We cut to the Cumberland aka the Russian Embassy
A wall clock shows it’s 4:33. Zhmed standing at a blackboard covered in numbers.
Zhmed: I’m certain Colonel Hannigan will be flying tomorrow, the second shift, thirteen hundred hours. The stress curve for him is at its low ebb. The biorhythms are regular.
Tolst: Run your computation again.
Zhmed: I’m certain.
Tolst: I have to have the exact rotation sequence of the crews.
(Sasha and his sexy vest enter the room, and he and Tolst move away from Zhmed to consult. ) Sasha: The incident on the street was reported to Moscow. I got word that they plan on cancelling the mission.
(Whooo is that a tea machine or something in front of them boiling away?!)
Tolst: Do they honestly think I went to these extremes just to have my mission cancelled?
Sasha: No sir.
Tolst: Then we will proceed as if we haven’t heard a word. Tomorrow night I’m going to be eating black beans and rice at the Embassador Hotel in Havana while our tech team strips out every code and command sequence from the Looking Glass computer. And that’s a fact.
Sasha: And him?
[rofl. If I didn’t know better, I’d say Zhmed is looking at a script haaaa]
Tolst: Tomorrow morning, I want him out of the Embassy. You can take care of him any way you like.
Muahahahaaaa!! The scene ends here.
The next day….
More of Janet’s descriptions: [Thanks Janet!]
A limo is approaching. Sasha and Zhmed are in back seat.
[LOL at Sasha with his finger nails.. He’s so bad!
but.. not as bad as the red vinyl jacket Zhmed is wearing. Hope he doesn’t get close to a naked flame!]
As the limo moves into intersection, another car drives in front of it and stops, blocking it. Beaman gets out of car.

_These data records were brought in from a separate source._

Lemma coef_mup0_neq0 P : P != 0 -> P`_(mup 0 P) != 0.
Proof.
move=> P0; apply/eqP => Pm0.
suff : ((mup 0 P).+1 <= mup 0 P)%N by rewrite ltnn.
rewrite mup0_geq //; apply/dvdpP; exists (drop_poly (mup 0 P).+1 P).
rewrite -[P in LHS](poly_take_drop (mup 0 P).+1).
suff -> : take_poly (mup 0 P).+1 P = 0 by rewrite add0r.
apply/polyP => i; rewrite coef_take_poly coef0; case: ltnP => // /[1!ltnS].
by rewrite leq_eqVlt => /orP [/eqP -> | /coef_lt_mup0].
Qed.

Lemma mup0_Xn e : mup 0 ('X^e : {poly K}) = e.
Proof. by have := mup_XsubCX e (0 : K) 0; rewrite polyC0 subr0 eqxx. Qed.

Lemma mup0_XnM P Q B e : P != 0 -> Q != 0 -> P * Q = 'X^e * B ->
  B != 0 /\ (mup 0 P + mup 0 Q = e + mup 0 B)%N.
Proof.
move=> P0 Q0 E; have B0 : B != 0.
  by apply: contraNneq (mulf_neq0 P0 Q0) => B0; rewrite E B0 mulr0.
by split=> //; rewrite -mupM // E mupM ?mup0_Xn ?expf_neq0 ?polyX_eq0.
Qed.

End XadicOrder.

Lemma comp_polyXaddK (R : comNzRingType) (P : {poly R}) : (P \Po ('X + 1)) \Po ('X - 1) = P.
Proof.
by rewrite -comp_polyA comp_polyD comp_polyX comp_polyC subrK comp_polyXr.
Qed.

(Janet notes: Fun fact: The plates here are replicas of the actual licence plates on diplomatic vehicles in DC. 1983 was the year they started using them and each country had a two letter identifier so you knew who they were. “TH” as seen here means this would actually have been a car from the Egyptian Embassy. The identifier for the USSR was “FC”. The letters on Canadian cars was “TG” which our American friends always said stood for “Too Good”) –Janet if referring to Canada I’d say TG stands for: thanks God!
Canada rocks!
Stopped at an intersection, the limo is suddenly blocked by a green sedan.

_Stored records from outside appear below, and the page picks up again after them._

Lemma ln_ml_term (a y : R) (k : nat) : 0 < a -> 0 < y ->
  ln (ml_term a y k) = a * INR k * ln (Rpower y (1 / a)) - ln (Gamma (a * INR k + 1)).
Proof.
  intros Ha Hy. unfold ml_term.
  assert (0 < Gamma (a * INR k + 1))
    by (apply Gamma_succ_pos, Rmult_le_pos; [lra | apply pos_INR]).
  rewrite ln_div, ln_pow by (try apply pow_lt; assumption).
  unfold Rpower. rewrite ln_exp. field. lra.
Qed.

Lemma ln_ml_term_le (a y : R) (k : nat) : 0 < a -> 0 < y ->
  ln (ml_term a y k) <= Rpower y (1 / a) + 3 - a * INR k / (Rpower y (1 / a) + 1).
Proof.
  intros Ha Hy. rewrite ln_ml_term by assumption.
  set (z := Rpower y (1 / a)). set (p := a * INR k).
  assert (Hz : 0 < z) by apply Rpower_pos.
  assert (Hp : 0 <= p) by (apply Rmult_le_pos; [lra | apply pos_INR]).
  pose proof (proj1 (ln_Gamma_succ_bounds p Hp)).
  assert (Hzz : ln z - ln (z + 1) <= - (1 / (z + 1))).
  { pose proof (ln_le_sub_1 (z / (z + 1)) ltac:(apply Rdiv_lt_0_compat; lra)) as H1.
    rewrite ln_div in H1 by lra. replace (- (1 / (z + 1))) with (z / (z + 1) - 1) by (field; lra).
    exact H1. }
  assert (Hzp : ln (z + 1) - ln (p + 1) <= (z + 1) / (p + 1) - 1).
  { pose proof (ln_le_sub_1 ((z + 1) / (p + 1)) ltac:(apply Rdiv_lt_0_compat; lra)) as H1.
    rewrite ln_div in H1 by lra. exact H1. }
  assert (p * ((z + 1) / (p + 1)) <= z + 1).
  { replace (p * ((z + 1) / (p + 1))) with ((z + 1) * (p / (p + 1))) by (field; lra).
    rewrite <- (Rmult_1_r (z + 1)) at 2. apply Rmult_le_compat_l; [lra |].
    apply Rle_div_l; lra. }
  apply (Rmult_le_compat_l p) in Hzz, Hzp; try exact Hp.
  unfold Rdiv in *. lra.
Qed.

(* The error term in [ln E_a(z^a) = z + O(ln z)]. *)
Definition ml_err (a z : R) : R := a + 3 + ln (z + 1) + ln (1 + (z + 1) / a).

Lemma ln_ml_term_ge (a y : R) (k : nat) : 0 < a -> 0 < y ->
  Rpower y (1 / a) - a < a * INR k <= Rpower y (1 / a) ->
  Rpower y (1 / a) - ml_err a (Rpower y (1 / a)) <= ln (ml_term a y k).
Proof.
  intros Ha Hy. rewrite ln_ml_term by assumption. unfold ml_err.
  set (z := Rpower y (1 / a)). set (p := a * INR k). intros [Hpz Hzp].
  assert (Hz : 0 < z) by apply Rpower_pos.
  assert (Hp : 0 <= p) by (apply Rmult_le_pos; [lra | apply pos_INR]).
  pose proof (proj2 (ln_Gamma_succ_bounds p Hp)).
  assert (Hzz : ln (z + 1) - ln z <= 1 / z).
  { pose proof (ln_le_sub_1 ((z + 1) / z) ltac:(apply Rdiv_lt_0_compat; lra)) as H1.
    rewrite ln_div in H1 by lra. replace (1 / z) with ((z + 1) / z - 1) by (field; lra).
    exact H1. }
  assert (p / z <= 1) by (apply Rle_div_l; lra).
  assert (ln (p + 1) <= ln (z + 1)) by (apply ln_le; lra).
  assert (0 <= ln (1 + (z + 1) / a))
    by (apply ln_nonneg; assert (0 < (z + 1) / a) by (apply Rdiv_lt_0_compat; lra); lra).
  apply (Rmult_le_compat_l p) in Hzz; [| exact Hp].
  assert (p * ln (p + 1) <= p * ln (z + 1)) by (apply Rmult_le_compat_l; assumption).
  unfold Rdiv in *. lra.
Qed.

Lemma ml_term_le_geom (a y : R) (k : nat) : 0 < a -> 0 < y ->
  ml_term a y k <=
  exp (Rpower y (1 / a) + 3) * exp (- (a / (Rpower y (1 / a) + 1))) ^ k.
Proof.
  intros Ha Hy.
  rewrite <- (exp_ln (ml_term a y k)) by (apply ml_term_pos; lra).
  assert (Hpow : forall c, exp c ^ k = exp (INR k * c))
    by (intros c; rewrite <- Rpower_pow by apply exp_pos; unfold Rpower; rewrite ln_exp;
        reflexivity).
  rewrite Hpow, <- exp_plus. apply exp_le_exp.
  eapply Rle_trans; [apply ln_ml_term_le; assumption |].
  right. unfold Rdiv. ring.
Qed.

Lemma geom_exp_neg_bounds (h : R) : 0 < h ->
  Rabs (exp (- h)) < 1 /\ / (1 - exp (- h)) <= 1 + / h.
Proof.
  intros Hh. pose proof (exp_pos (- h)).
  assert (Hinv : exp (- h) <= / (1 + h))
    by (rewrite exp_Ropp; apply Rinv_le_contravar; [lra | apply exp_ineq1_le]).
  assert (/ (1 + h) < 1) by (rewrite <- Rinv_1; apply Rinv_lt_contravar; lra).
  rewrite Rabs_pos_eq by lra. split; [lra |].
  replace (1 + / h) with (/ (h / (1 + h))) by (field; lra).
  apply Rinv_le_contravar; [apply Rdiv_lt_0_compat; lra |].
  replace (h / (1 + h)) with (1 - / (1 + h)) by (field; lra). lra.
Qed.

Lemma ex_series_ml_term (a y : R) : 0 < a -> 0 < y -> ex_series (ml_term a y).
Proof.
  intros Ha Hy.
  assert (Hh : 0 < a / (Rpower y (1 / a) + 1))
    by (apply Rdiv_lt_0_compat; [| pose proof (Rpower_pos y (1 / a))]; lra).
  apply (ex_series_le (K := R_AbsRing) (V := R_CompleteNormedModule) _
           (fun k => exp (Rpower y (1 / a) + 3) * exp (- (a / (Rpower y (1 / a) + 1))) ^ k)).
  - intros k. unfold norm; simpl; unfold abs; simpl.
    rewrite Rabs_pos_eq by (left; apply ml_term_pos; lra). apply ml_term_le_geom; assumption.
  - apply (ex_series_scal_l (K := R_AbsRing) (V := R_NormedModule)), ex_series_geom.
    apply geom_exp_neg_bounds, Hh.
Qed.

Lemma ML_le (a y : R) : 0 < a -> 0 < y ->
  ML a y <= exp (Rpower y (1 / a) + 3) * (1 + (Rpower y (1 / a) + 1) / a).
Proof.
  intros Ha Hy.
  set (z := Rpower y (1 / a)).
  assert (Hz : 0 < z) by apply Rpower_pos.
  assert (Hh : 0 < a / (z + 1)) by (apply Rdiv_lt_0_compat; lra).
  destruct (geom_exp_neg_bounds _ Hh) as [Hq Hsum].
  eapply Rle_trans.
  - apply (Series_le _ (fun k => exp (z + 3) * exp (- (a / (z + 1))) ^ k)).
    + intros k. split; [left; apply ml_term_pos; lra | apply ml_term_le_geom; assumption].
    + apply (ex_series_scal_l (K := R_AbsRing) (V := R_NormedModule)), ex_series_geom, Hq.
  - rewrite Series_scal_l, Series_geom by exact Hq.
    apply Rmult_le_compat_l; [left; apply exp_pos |].
    replace ((z + 1) / a) with (/ (a / (z + 1))) by (field; split; lra). exact Hsum.
Qed.

Lemma ml_term_le_ML (a y : R) (k : nat) : 0 < a -> 0 < y -> ml_term a y k <= ML a y.
Proof.
  intros Ha Hy. apply Series_ge_term; [| apply ex_series_ml_term; assumption].
  intros n. left. apply ml_term_pos; lra.
Qed.

Lemma exists_INR_mul_near (a z : R) : 0 < a -> 0 <= z ->
  exists k : nat, z - a < a * INR k <= z.
Proof.
  intros Ha Hz. destruct (nfloor_ex (z / a)) as [k [Hk1 Hk2]]; [apply Rdiv_le_0_compat; lra |].
  exists k.
  apply (Rmult_le_compat_l a) in Hk1; apply (Rmult_lt_compat_l a) in Hk2; try lra.
  replace (a * (z / a)) with z in Hk1, Hk2 by (field; lra). lra.
Qed.

Lemma ln_ML_bounds (a y : R) : 0 < a -> 0 < y ->
  0 < ML a y /\ Rabs (ln (ML a y) - Rpower y (1 / a)) <= ml_err a (Rpower y (1 / a)).
Proof.
  intros Ha Hy. set (z := Rpower y (1 / a)).
  assert (Hz : 0 < z) by apply Rpower_pos.
  destruct (exists_INR_mul_near a z Ha ltac:(lra)) as [k Hk].
  assert (Hterm := ml_term_le_ML a y k Ha Hy).
  assert (Hpos := ml_term_pos a y k ltac:(lra) Hy).
  assert (HML : 0 < ML a y) by lra.
  split; [exact HML |]. apply Rabs_le. split.
  - pose proof (ln_ml_term_ge a y k Ha Hy Hk) as Hlo. pose proof (ln_le _ _ Hpos Hterm).
    fold z in Hlo. lra.
  - assert (0 < (z + 1) / a) by (apply Rdiv_lt_0_compat; lra).
    pose proof (ln_le _ _ HML (ML_le a y Ha Hy)) as Hln.
    fold z in Hln. rewrite ln_mult, ln_exp in Hln by (apply exp_pos || lra).
    pose proof (ln_nonneg (z + 1) ltac:(lra)). unfold ml_err. lra.
Qed.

[Random. Noticed the ‘Corcoran’ sign on that shop in the distance.. another crew shout out!! Kevin Corcoran the regular assistant director on 11 smk episodes.. and yes on this episode too! I bet he filmed this shot with the green car lol]

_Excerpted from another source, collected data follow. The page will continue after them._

Lemma good_init_uniq_tuples : (0 < NU)%N /\ (0 < NG)%N.
Proof.
case: D_good => [[_ D_sum1] [Du [_ D_avg]]].
have : (NU%:R * NG%:R)^-1 != 0 :> R.
  apply: contra_eqN D_sum1 => /eqP inv0.
  rewrite big1 => [|S _]; first by rewrite eq_sym oner_eq0.
  by rewrite D_avg inv0 mul0r.
by rewrite invr_eq0 mulf_eq0 !pnatr_eq0 negb_or !lt0n => /andP.
Qed.

Lemma good_init_card_gt0 : (0 < k)%N -> (0 < #|V|)%N.
Proof.
move=> k_gt0; have [/card_gt0P[u /[!inE] u_uniq] _] := good_init_uniq_tuples.
apply: leq_trans k_gt0 _; rewrite -[k](size_tuple u) -(card_uniqP u_uniq).
exact: max_card.
Qed.

Theorem good_init_expect_ge (alpha : T) (c : V -> R) (h : state V T -> R) :
  (forall (u : k.-tuple V) (g : k.-tuple T) (i : 'I_k) (S : state V T),
     S \in states_with u g -> tnth g i = alpha -> c (tnth u i) <= h S) ->
  \sum_v c v <= #|V|%:R * \sum_S D S * h S.
Proof.
move=> c_le_h; case: D_good => [_ [Du [Du_good D_avg]]].
have [NU_gt0 NG_gt0] := good_init_uniq_tuples.
pose C : R := (NU%:R * NG%:R)^-1.
have D_expect : \sum_S D S * h S =
    C * \sum_(g : k.-tuple T | uniq g) \sum_(u : k.-tuple V | uniq u) \sum_S Du u g S * h S.
  under eq_bigr do rewrite D_avg -mulrA mulr_suml.
  rewrite -mulr_sumr; congr (_ * _).
  under eq_bigr do under eq_bigr do rewrite mulr_suml.
  by rewrite exchange_big; under eq_bigr do rewrite exchange_big; rewrite exchange_big.
have inner_ge (g : k.-tuple T) : uniq g ->
    NU%:R * \sum_v c v <= #|V|%:R * \sum_(u : k.-tuple V | uniq u) \sum_S Du u g S * h S.
  move=> g_uniq; have /tnthP[i alpha_i] := mem_uniq_full_tuple alpha g_uniq.
  rewrite -(sum_uniq_tuple_tnth i) ler_wpM2l // ler_sum // => u u_uniq.
  have [Du_distr Du_supp] := Du_good u g u_uniq g_uniq.
  by apply: distr_expect_ge Du_distr Du_supp _ => S S_in; exact: c_le_h S_in (esym alpha_i).
rewrite D_expect mulrA (mulrC #|V|%:R) -mulrA mulr_sumr.
apply: le_trans (_ : C * \sum_(g : k.-tuple T | uniq g) NU%:R * \sum_v c v <= _).
  rewrite sumr_const (eq_card (B := [set g : k.-tuple T | uniq g])) => [|g]; last by rewrite inE.
  by rewrite -mulrnAl -mulrnA natrM mulrA /C mulVf ?mul1r // mulf_neq0 // pnatr_eq0 -lt0n.
by rewrite ler_wpM2l ?invr_ge0 ?mulr_ge0 // ler_sum.
Qed.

The driver gets out (Lee?)
Sasha yells out in Russian. lol.
He gets out of his car.
Sasha: Back up this car!
Oh it’s Beaman!
Beaman: What a remarkable stunt! I had the right of way, you cretin! I probably wrenched my neck in several places!
[I don’ t think you’d see ‘Cretin’ be used today!]
As Beaman complains loudly, we hear tyres squealing in the distance, and in the background a taxi pulls up next to the limo. Zhmed watches on depressed as usual.Sasha: Did you see the stop sign? There was a stop sign there!
Suddenly, Zhmed looks up at cab beside him to read sign on top “Maverick: Go for it Cowboy!”. Amanda is in the back seat.
Cue the soaring music!
(As Sasha continues his rant at Beaman, Zhmed looks over and sees Amanda in the back seat of the taxi.. He makes a move..)
Sasha: You ran it! We have an embassy car! We have immunity! [Immunity from stop signs? from other idiot drivers? me confused at your point Sasha!]
(Zhmed opens limo door as Amanda opens cab door and Zhmed runs to jump in cab.)
Sasha: Now move your car or you’re going to be in a lot of trouble! Now!
The taxi drives off, Sasha hasn’t noticed anything.. Beaman turns and tries to open his car door..
He smiles…
Beaman: Heh, I locked the keys in the car.
[ROFL. great to see Beaman be useful rather than a whingy little worm! funny delivery here!! 🙂 ]
(Around the corner, cab pulls to a stop.)
Amanda: Are you okay?
[Oh my. we actually see some animation from Zhmed!]
Zhmed: I am now. When I saw Maverick, I knew it was you.
[Funny that.. Would have worked just as well if he’d seen Amanda sitting on the backseat – he would have known it was her. rofl! I find this whole little maverick thing simultaneously so smk and but also ridiculously redundant! No need to signal a secret message: she’s sitting there!]
(Amanda shows Zhmed a folder..)
Amanda: Did Tolst show you pictures of any of these men? They’re pilots and you looked at their charts.
Amanda flicks through the pictures..
random.
LOL
[there was a D. Dugan on the crew.. does that count as a shout out?!]
Imagine if you were one of these people!
Amanda keeps flipping, until Zhmed stops her.
[Hmm maybe Browning is a nod to David G. B. Brown smk writer.. he was script consultant on this ep.. but then again.. it could also be nothing]
Zhmed brings her back to the second last pilot.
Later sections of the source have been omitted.